BEGIN Information supplied

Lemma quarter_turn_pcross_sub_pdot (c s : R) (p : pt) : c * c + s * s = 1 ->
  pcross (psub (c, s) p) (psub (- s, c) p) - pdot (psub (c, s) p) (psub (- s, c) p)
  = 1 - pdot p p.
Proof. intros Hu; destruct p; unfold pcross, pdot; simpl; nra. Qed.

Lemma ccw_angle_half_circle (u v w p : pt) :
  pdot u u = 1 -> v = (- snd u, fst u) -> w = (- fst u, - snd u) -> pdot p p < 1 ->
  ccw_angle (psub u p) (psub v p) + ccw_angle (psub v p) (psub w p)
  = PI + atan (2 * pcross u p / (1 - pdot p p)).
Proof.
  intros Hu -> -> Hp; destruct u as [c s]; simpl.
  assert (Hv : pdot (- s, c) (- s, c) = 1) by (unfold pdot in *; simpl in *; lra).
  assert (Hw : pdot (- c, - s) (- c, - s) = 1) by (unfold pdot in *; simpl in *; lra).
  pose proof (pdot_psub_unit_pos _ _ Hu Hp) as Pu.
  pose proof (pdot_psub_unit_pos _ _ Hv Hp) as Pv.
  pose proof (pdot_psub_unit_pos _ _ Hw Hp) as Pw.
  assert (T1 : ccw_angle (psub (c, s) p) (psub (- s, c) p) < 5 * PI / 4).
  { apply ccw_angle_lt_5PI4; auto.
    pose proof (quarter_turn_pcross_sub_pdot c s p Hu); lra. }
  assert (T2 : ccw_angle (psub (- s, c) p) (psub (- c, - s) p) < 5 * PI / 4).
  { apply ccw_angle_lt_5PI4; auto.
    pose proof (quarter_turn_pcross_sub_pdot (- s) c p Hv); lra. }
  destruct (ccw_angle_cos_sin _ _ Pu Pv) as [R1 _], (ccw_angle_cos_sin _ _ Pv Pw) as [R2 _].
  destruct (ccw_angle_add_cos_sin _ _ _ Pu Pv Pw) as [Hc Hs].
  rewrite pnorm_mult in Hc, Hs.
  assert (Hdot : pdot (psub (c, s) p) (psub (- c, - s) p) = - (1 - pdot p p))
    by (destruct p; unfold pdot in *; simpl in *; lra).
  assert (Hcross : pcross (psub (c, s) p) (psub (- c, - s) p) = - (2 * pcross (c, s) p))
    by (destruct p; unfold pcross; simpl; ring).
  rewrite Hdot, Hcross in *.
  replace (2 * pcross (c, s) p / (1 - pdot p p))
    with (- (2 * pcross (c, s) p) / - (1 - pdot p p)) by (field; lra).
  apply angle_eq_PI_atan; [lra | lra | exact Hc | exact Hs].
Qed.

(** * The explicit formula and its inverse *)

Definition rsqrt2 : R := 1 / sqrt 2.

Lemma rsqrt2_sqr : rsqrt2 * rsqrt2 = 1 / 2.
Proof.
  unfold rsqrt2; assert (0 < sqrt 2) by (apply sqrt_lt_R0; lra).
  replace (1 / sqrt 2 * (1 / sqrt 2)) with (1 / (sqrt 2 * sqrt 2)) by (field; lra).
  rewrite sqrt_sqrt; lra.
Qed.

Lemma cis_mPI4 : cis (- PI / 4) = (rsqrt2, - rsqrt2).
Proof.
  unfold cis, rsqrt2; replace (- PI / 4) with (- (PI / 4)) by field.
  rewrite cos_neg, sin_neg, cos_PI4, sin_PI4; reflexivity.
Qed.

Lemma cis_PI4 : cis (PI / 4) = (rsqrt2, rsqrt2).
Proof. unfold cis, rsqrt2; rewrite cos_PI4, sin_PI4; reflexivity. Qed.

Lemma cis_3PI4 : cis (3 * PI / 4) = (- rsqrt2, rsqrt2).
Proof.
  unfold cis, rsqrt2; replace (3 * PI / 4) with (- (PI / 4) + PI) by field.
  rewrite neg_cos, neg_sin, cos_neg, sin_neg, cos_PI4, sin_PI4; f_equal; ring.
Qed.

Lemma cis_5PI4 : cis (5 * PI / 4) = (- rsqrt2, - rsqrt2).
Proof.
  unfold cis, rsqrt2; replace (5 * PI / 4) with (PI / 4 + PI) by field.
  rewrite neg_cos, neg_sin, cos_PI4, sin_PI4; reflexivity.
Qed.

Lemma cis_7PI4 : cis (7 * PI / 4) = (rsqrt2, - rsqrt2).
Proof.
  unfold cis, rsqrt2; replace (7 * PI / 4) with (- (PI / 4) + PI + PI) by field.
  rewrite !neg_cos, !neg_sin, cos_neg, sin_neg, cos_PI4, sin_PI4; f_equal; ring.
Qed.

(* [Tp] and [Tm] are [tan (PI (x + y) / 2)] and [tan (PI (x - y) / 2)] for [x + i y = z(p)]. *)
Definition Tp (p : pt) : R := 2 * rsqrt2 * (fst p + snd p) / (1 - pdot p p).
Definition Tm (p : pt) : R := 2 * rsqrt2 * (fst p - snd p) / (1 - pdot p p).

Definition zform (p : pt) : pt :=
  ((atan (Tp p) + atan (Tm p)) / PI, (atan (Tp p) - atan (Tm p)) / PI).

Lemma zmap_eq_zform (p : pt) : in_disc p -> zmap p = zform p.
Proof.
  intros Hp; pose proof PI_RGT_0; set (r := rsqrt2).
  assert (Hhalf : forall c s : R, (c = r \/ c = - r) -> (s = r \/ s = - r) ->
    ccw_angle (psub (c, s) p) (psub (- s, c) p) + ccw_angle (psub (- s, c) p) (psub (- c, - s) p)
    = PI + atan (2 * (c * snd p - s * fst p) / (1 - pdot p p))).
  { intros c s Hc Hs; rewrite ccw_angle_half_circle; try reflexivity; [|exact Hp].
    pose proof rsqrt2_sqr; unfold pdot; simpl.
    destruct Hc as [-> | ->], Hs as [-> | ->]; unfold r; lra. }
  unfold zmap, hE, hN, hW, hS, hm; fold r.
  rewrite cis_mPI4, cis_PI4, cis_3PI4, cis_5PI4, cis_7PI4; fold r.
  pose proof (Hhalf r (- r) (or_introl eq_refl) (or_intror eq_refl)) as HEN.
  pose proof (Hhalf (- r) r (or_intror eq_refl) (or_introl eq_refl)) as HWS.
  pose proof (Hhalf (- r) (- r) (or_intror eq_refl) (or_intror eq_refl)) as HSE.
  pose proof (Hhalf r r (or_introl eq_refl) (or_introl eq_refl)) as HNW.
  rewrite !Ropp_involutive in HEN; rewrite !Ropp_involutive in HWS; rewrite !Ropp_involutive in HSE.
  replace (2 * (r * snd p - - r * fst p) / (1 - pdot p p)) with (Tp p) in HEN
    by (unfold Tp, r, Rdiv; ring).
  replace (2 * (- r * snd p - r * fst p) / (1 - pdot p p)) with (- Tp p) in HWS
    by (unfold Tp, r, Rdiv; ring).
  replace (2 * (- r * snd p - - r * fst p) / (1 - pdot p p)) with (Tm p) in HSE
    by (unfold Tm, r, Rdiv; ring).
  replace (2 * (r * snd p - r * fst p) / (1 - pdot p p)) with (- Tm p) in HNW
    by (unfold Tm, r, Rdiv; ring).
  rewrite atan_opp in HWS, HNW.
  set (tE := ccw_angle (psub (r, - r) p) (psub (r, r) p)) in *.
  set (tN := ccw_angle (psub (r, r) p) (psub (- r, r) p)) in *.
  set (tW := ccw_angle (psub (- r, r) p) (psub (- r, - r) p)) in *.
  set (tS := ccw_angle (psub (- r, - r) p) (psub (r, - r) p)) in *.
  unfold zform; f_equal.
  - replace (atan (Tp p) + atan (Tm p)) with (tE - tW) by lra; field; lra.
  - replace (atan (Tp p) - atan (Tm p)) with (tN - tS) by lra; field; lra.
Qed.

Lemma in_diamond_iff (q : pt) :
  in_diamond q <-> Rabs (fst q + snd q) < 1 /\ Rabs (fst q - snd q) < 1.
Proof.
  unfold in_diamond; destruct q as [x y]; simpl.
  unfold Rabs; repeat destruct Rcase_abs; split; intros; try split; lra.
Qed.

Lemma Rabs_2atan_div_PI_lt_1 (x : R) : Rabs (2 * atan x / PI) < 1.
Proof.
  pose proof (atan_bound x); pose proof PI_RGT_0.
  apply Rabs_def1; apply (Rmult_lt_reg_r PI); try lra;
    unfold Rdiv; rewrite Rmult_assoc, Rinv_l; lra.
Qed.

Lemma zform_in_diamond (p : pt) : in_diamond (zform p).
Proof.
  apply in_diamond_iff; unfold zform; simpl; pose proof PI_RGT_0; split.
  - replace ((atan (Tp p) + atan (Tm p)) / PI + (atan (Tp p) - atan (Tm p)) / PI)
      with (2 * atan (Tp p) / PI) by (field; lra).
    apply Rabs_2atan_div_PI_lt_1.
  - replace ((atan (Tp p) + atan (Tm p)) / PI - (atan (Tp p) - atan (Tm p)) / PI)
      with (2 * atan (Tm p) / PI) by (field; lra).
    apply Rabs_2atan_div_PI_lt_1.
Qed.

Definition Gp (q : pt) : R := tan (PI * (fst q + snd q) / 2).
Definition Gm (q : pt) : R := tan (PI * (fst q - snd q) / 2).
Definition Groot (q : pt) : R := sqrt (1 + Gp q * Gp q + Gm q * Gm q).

END Information supplied

— What to work on —
Retype exactly, and only, the lines above from the one where "Lemma zform_in_diamond (p" occurs up to and including the one where "with (2 * atan (Tm" occurs.

— Answer box —
Lemma zform_in_diamond (p : pt) : in_diamond (zform p).
Proof.
  apply in_diamond_iff; unfold zform; simpl; pose proof PI_RGT_0; split.
  - replace ((atan (Tp p) + atan (Tm p)) / PI + (atan (Tp p) - atan (Tm p)) / PI)
      with (2 * atan (Tp p) / PI) by (field; lra).
    apply Rabs_2atan_div_PI_lt_1.
  - replace ((atan (Tp p) + atan (Tm p)) / PI - (atan (Tp p) - atan (Tm p)) / PI)
      with (2 * atan (Tm p) / PI) by (field; lra).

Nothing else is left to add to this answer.